══ Collected material ══

(* Let $\mathfrak R\subseteq\mathfrak R(d_*,L_*,s_* )$ be a cubical iterated graph system with replacement graphs $G_m$, and let $n\in\mathbb N$. For every $\tilde w\in W_\#$ there is a folding of $G_{n+|\tilde w|}$ onto $\tilde w\cdot W_n:=\{\tilde wu: u\in W_n\}$.
   Context: Graphs: $(V,E)$ with $V$ finite non-empty, $E\subseteq V\times V$, $(x,y)\in E\Rightarrow(y,x)\notin E$; $\{x,y\}\in E$ means either orientation. A mapping between graphs $\varphi:G\to G'$ is a map on vertices such that each edge $\{x,y\}$ has $\varphi(x)=\varphi(y)$ or $\{\varphi(x),\varphi(y)\}\in E(G')$. For $U\subseteq V(G)$, $\langle U\rangle$ is the induced subgraph; a folding of $G$ onto $U$ is a mapping between graphs $\varphi:G\to\langle U\rangle$ with $\varphi|_U=\mathrm{id}_U$. An iterated graph system (IGS) $\mathfrak R$ consists of a connected graph $G_1=(S,E)$, a finite set $\mathcal T$ of types, a surjective typing $\mathfrak t:E\to\mathcal T$ and non-empty gluing rules $I_t\subseteq S\times S$ ($t\in\mathcal T$). With $W_m=S^m$, $W_\#=\bigcup_{m\ge1}W_m$ and $[w]_k=w_1\cdots w_k$, the replacement graphs $G_m=(W_m,E_m)$ and their typings are defined recursively: $(w,v)\in E_{m+1}$ iff either (1) $[w]_m=[v]_m$ and $(w_{m+1},v_{m+1})\in E$ (type $\mathfrak t(w_{m+1},v_{m+1})$), or (2) $([w]_m,[v]_m)\in E_m$ and $(w_{m+1},v_{m+1})\in I_{\mathfrak t([w]_m,[v]_m)}$ (type $\mathfrak t([w]_m,[v]_m)$). A mapping of IGS $\varphi:\mathfrak R\to\mathfrak R'$ is a graph mapping $G_1\to G_1'$ such that (i) if $\varphi(w_1)=\varphi(v_1)$ for an edge $\{w_1,v_1\}$ of type $t$ then $\varphi(w_2)=\varphi(v_2)$ for all $(w_2,v_2)\in I_t$; (ii) if $(w_1,v_1)\in E$ has type $t$ and $(\varphi(w_1),\varphi(v_1))\in E'$ has type $t'$ then $(\varphi(w_2),\varphi(v_2))\in I'_{t'}$ for all $(w_2,v_2)\in I_t$; (iii) if $(w_1,v_1)\in E$ has type $t$ and $(\varphi(v_1),\varphi(w_1))\in E'$ has type $t'$ then $(\varphi(v_2),\varphi(w_2))\in I'_{t'}$ for all $(w_2,v_2)\in I_t$. An isomorphism of IGS is a graph isomorphism such that it and its inverse are mappings of IGS. $\mathfrak R$ is a sub-system of $\mathfrak R'$ ($\mathfrak R\subseteq\mathfrak R'$) if $S\subseteq S'$, $\mathcal T=\mathcal T'$ and the inclusion $S\to S'$ is a mapping of IGS. Cubical IGS: for integers $d_*\ge1$, $s_*\ge1$, $L_*\ge3$, let $\mathfrak R(d_*,L_*,s_* )$ have symbols $S(d_*,L_*,s_* )=\{1,\dots,L_*\}^{d_*}\times\{\underline1,\dots,\underline{s_*}\}$, coordinate functions $c_i(w)$ ($i=1,\dots,d_*$) and sheet $s(w)$; types $\{t_1,\dots,t_{d_*}\}$; $(w,v)$ is an edge of type $t_j$ iff $c_i(v)=c_i(w)$ for $i\neq j$ and $c_j(v)=c_j(w)+1$; $(w,v)\in I_{t_j}$ iff $c_i(w)=c_i(v)$ for $i\ne j$, $(c_j(w),c_j(v))=(L_*,1)$ and $s(w)=s(v)$. Define maps on $S(d_*,L_*,s_* )$, all preserving the sheet $s$ and all coordinates other than those listed: $\eta_j$: $c_j\mapsto L_*+1-c_j$; for $j\neq k$, $\alpha^+_{j,k}$ swaps $c_j$ and $c_k$; $\alpha^-_{j,k}$ sets $c_k(\alpha(w))=L_*+1-c_j(w)$ and $c_j(\alpha(w))=L_*+1-c_k(w)$. Let $\mathcal G(d_*,L_*,s_* )$ be the set of all these maps. A cubical IGS is a sub-system $\mathfrak R\subseteq\mathfrak R(d_*,L_*,s_* )$ such that: (C1) for each $j$, every $w\in S(d_*,L_*,s_* )$ with $c_i(w)\in\{1,L_*\}$ for all $i\neq j$ and $s(w)=\underline1$ (call this condition $(\ast_j)$) lies in $S(\mathfrak R)$; (C2) if $w,v$ satisfy $(\ast_j)$ for the same $j$, $c_i(v)=c_i(w)$ for $i\neq j$ and $c_j(v)=c_j(w)+1$, then $(w,v)\in E(\mathfrak R)$; (C3) if $w,v$ satisfy $(\ast_j)$ for the same $j$, $c_i(w)=c_i(v)$ for $i\neq j$ and $(c_j(w),c_j(v))=(L_*,1)$, then $(w,v)\in I_{t_j}(\mathfrak R)$; (C4) for every $\alpha\in\mathcal G(d_*,L_*,s_* )$ the restriction $\alpha|_{S(\mathfrak R)}$ is an isomorphism of IGS $\mathfrak R\to\mathfrak R$. *)

From mathcomp Require Import all_boot.
Set Implicit Arguments. Unset Strict Implicit. Unset Printing Implicit Defensive.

═══

### What is expected
Word for word, transcribe the entire listing shown above.

### The completed task
(* Let $\mathfrak R\subseteq\mathfrak R(d_*,L_*,s_* )$ be a cubical iterated graph system with replacement graphs $G_m$, and let $n\in\mathbb N$. For every $\tilde w\in W_\#$ there is a folding of $G_{n+|\tilde w|}$ onto $\tilde w\cdot W_n:=\{\tilde wu: u\in W_n\}$.
   Context: Graphs: $(V,E)$ with $V$ finite non-empty, $E\subseteq V\times V$, $(x,y)\in E\Rightarrow(y,x)\notin E$; $\{x,y\}\in E$ means either orientation. A mapping between graphs $\varphi:G\to G'$ is a map on vertices such that each edge $\{x,y\}$ has $\varphi(x)=\varphi(y)$ or $\{\varphi(x),\varphi(y)\}\in E(G')$. For $U\subseteq V(G)$, $\langle U\rangle$ is the induced subgraph; a folding of $G$ onto $U$ is a mapping between graphs $\varphi:G\to\langle U\rangle$ with $\varphi|_U=\mathrm{id}_U$. An iterated graph system (IGS) $\mathfrak R$ consists of a connected graph $G_1=(S,E)$, a finite set $\mathcal T$ of types, a surjective typing $\mathfrak t:E\to\mathcal T$ and non-empty gluing rules $I_t\subseteq S\times S$ ($t\in\mathcal T$). With $W_m=S^m$, $W_\#=\bigcup_{m\ge1}W_m$ and $[w]_k=w_1\cdots w_k$, the replacement graphs $G_m=(W_m,E_m)$ and their typings are defined recursively: $(w,v)\in E_{m+1}$ iff either (1) $[w]_m=[v]_m$ and $(w_{m+1},v_{m+1})\in E$ (type $\mathfrak t(w_{m+1},v_{m+1})$), or (2) $([w]_m,[v]_m)\in E_m$ and $(w_{m+1},v_{m+1})\in I_{\mathfrak t([w]_m,[v]_m)}$ (type $\mathfrak t([w]_m,[v]_m)$). A mapping of IGS $\varphi:\mathfrak R\to\mathfrak R'$ is a graph mapping $G_1\to G_1'$ such that (i) if $\varphi(w_1)=\varphi(v_1)$ for an edge $\{w_1,v_1\}$ of type $t$ then $\varphi(w_2)=\varphi(v_2)$ for all $(w_2,v_2)\in I_t$; (ii) if $(w_1,v_1)\in E$ has type $t$ and $(\varphi(w_1),\varphi(v_1))\in E'$ has type $t'$ then $(\varphi(w_2),\varphi(v_2))\in I'_{t'}$ for all $(w_2,v_2)\in I_t$; (iii) if $(w_1,v_1)\in E$ has type $t$ and $(\varphi(v_1),\varphi(w_1))\in E'$ has type $t'$ then $(\varphi(v_2),\varphi(w_2))\in I'_{t'}$ for all $(w_2,v_2)\in I_t$. An isomorphism of IGS is a graph isomorphism such that it and its inverse are mappings of IGS. $\mathfrak R$ is a sub-system of $\mathfrak R'$ ($\mathfrak R\subseteq\mathfrak R'$) if $S\subseteq S'$, $\mathcal T=\mathcal T'$ and the inclusion $S\to S'$ is a mapping of IGS. Cubical IGS: for integers $d_*\ge1$, $s_*\ge1$, $L_*\ge3$, let $\mathfrak R(d_*,L_*,s_* )$ have symbols $S(d_*,L_*,s_* )=\{1,\dots,L_*\}^{d_*}\times\{\underline1,\dots,\underline{s_*}\}$, coordinate functions $c_i(w)$ ($i=1,\dots,d_*$) and sheet $s(w)$; types $\{t_1,\dots,t_{d_*}\}$; $(w,v)$ is an edge of type $t_j$ iff $c_i(v)=c_i(w)$ for $i\neq j$ and $c_j(v)=c_j(w)+1$; $(w,v)\in I_{t_j}$ iff $c_i(w)=c_i(v)$ for $i\ne j$, $(c_j(w),c_j(v))=(L_*,1)$ and $s(w)=s(v)$. Define maps on $S(d_*,L_*,s_* )$, all preserving the sheet $s$ and all coordinates other than those listed: $\eta_j$: $c_j\mapsto L_*+1-c_j$; for $j\neq k$, $\alpha^+_{j,k}$ swaps $c_j$ and $c_k$; $\alpha^-_{j,k}$ sets $c_k(\alpha(w))=L_*+1-c_j(w)$ and $c_j(\alpha(w))=L_*+1-c_k(w)$. Let $\mathcal G(d_*,L_*,s_* )$ be the set of all these maps. A cubical IGS is a sub-system $\mathfrak R\subseteq\mathfrak R(d_*,L_*,s_* )$ such that: (C1) for each $j$, every $w\in S(d_*,L_*,s_* )$ with $c_i(w)\in\{1,L_*\}$ for all $i\neq j$ and $s(w)=\underline1$ (call this condition $(\ast_j)$) lies in $S(\mathfrak R)$; (C2) if $w,v$ satisfy $(\ast_j)$ for the same $j$, $c_i(v)=c_i(w)$ for $i\neq j$ and $c_j(v)=c_j(w)+1$, then $(w,v)\in E(\mathfrak R)$; (C3) if $w,v$ satisfy $(\ast_j)$ for the same $j$, $c_i(w)=c_i(v)$ for $i\neq j$ and $(c_j(w),c_j(v))=(L_*,1)$, then $(w,v)\in I_{t_j}(\mathfrak R)$; (C4) for every $\alpha\in\mathcal G(d_*,L_*,s_* )$ the restriction $\alpha|_{S(\mathfrak R)}$ is an isomorphism of IGS $\mathfrak R\to\mathfrak R$. *)

From mathcomp Require Import all_boot.
Set Implicit Arguments. Unset Strict Implicit. Unset Printing Implicit Defensive.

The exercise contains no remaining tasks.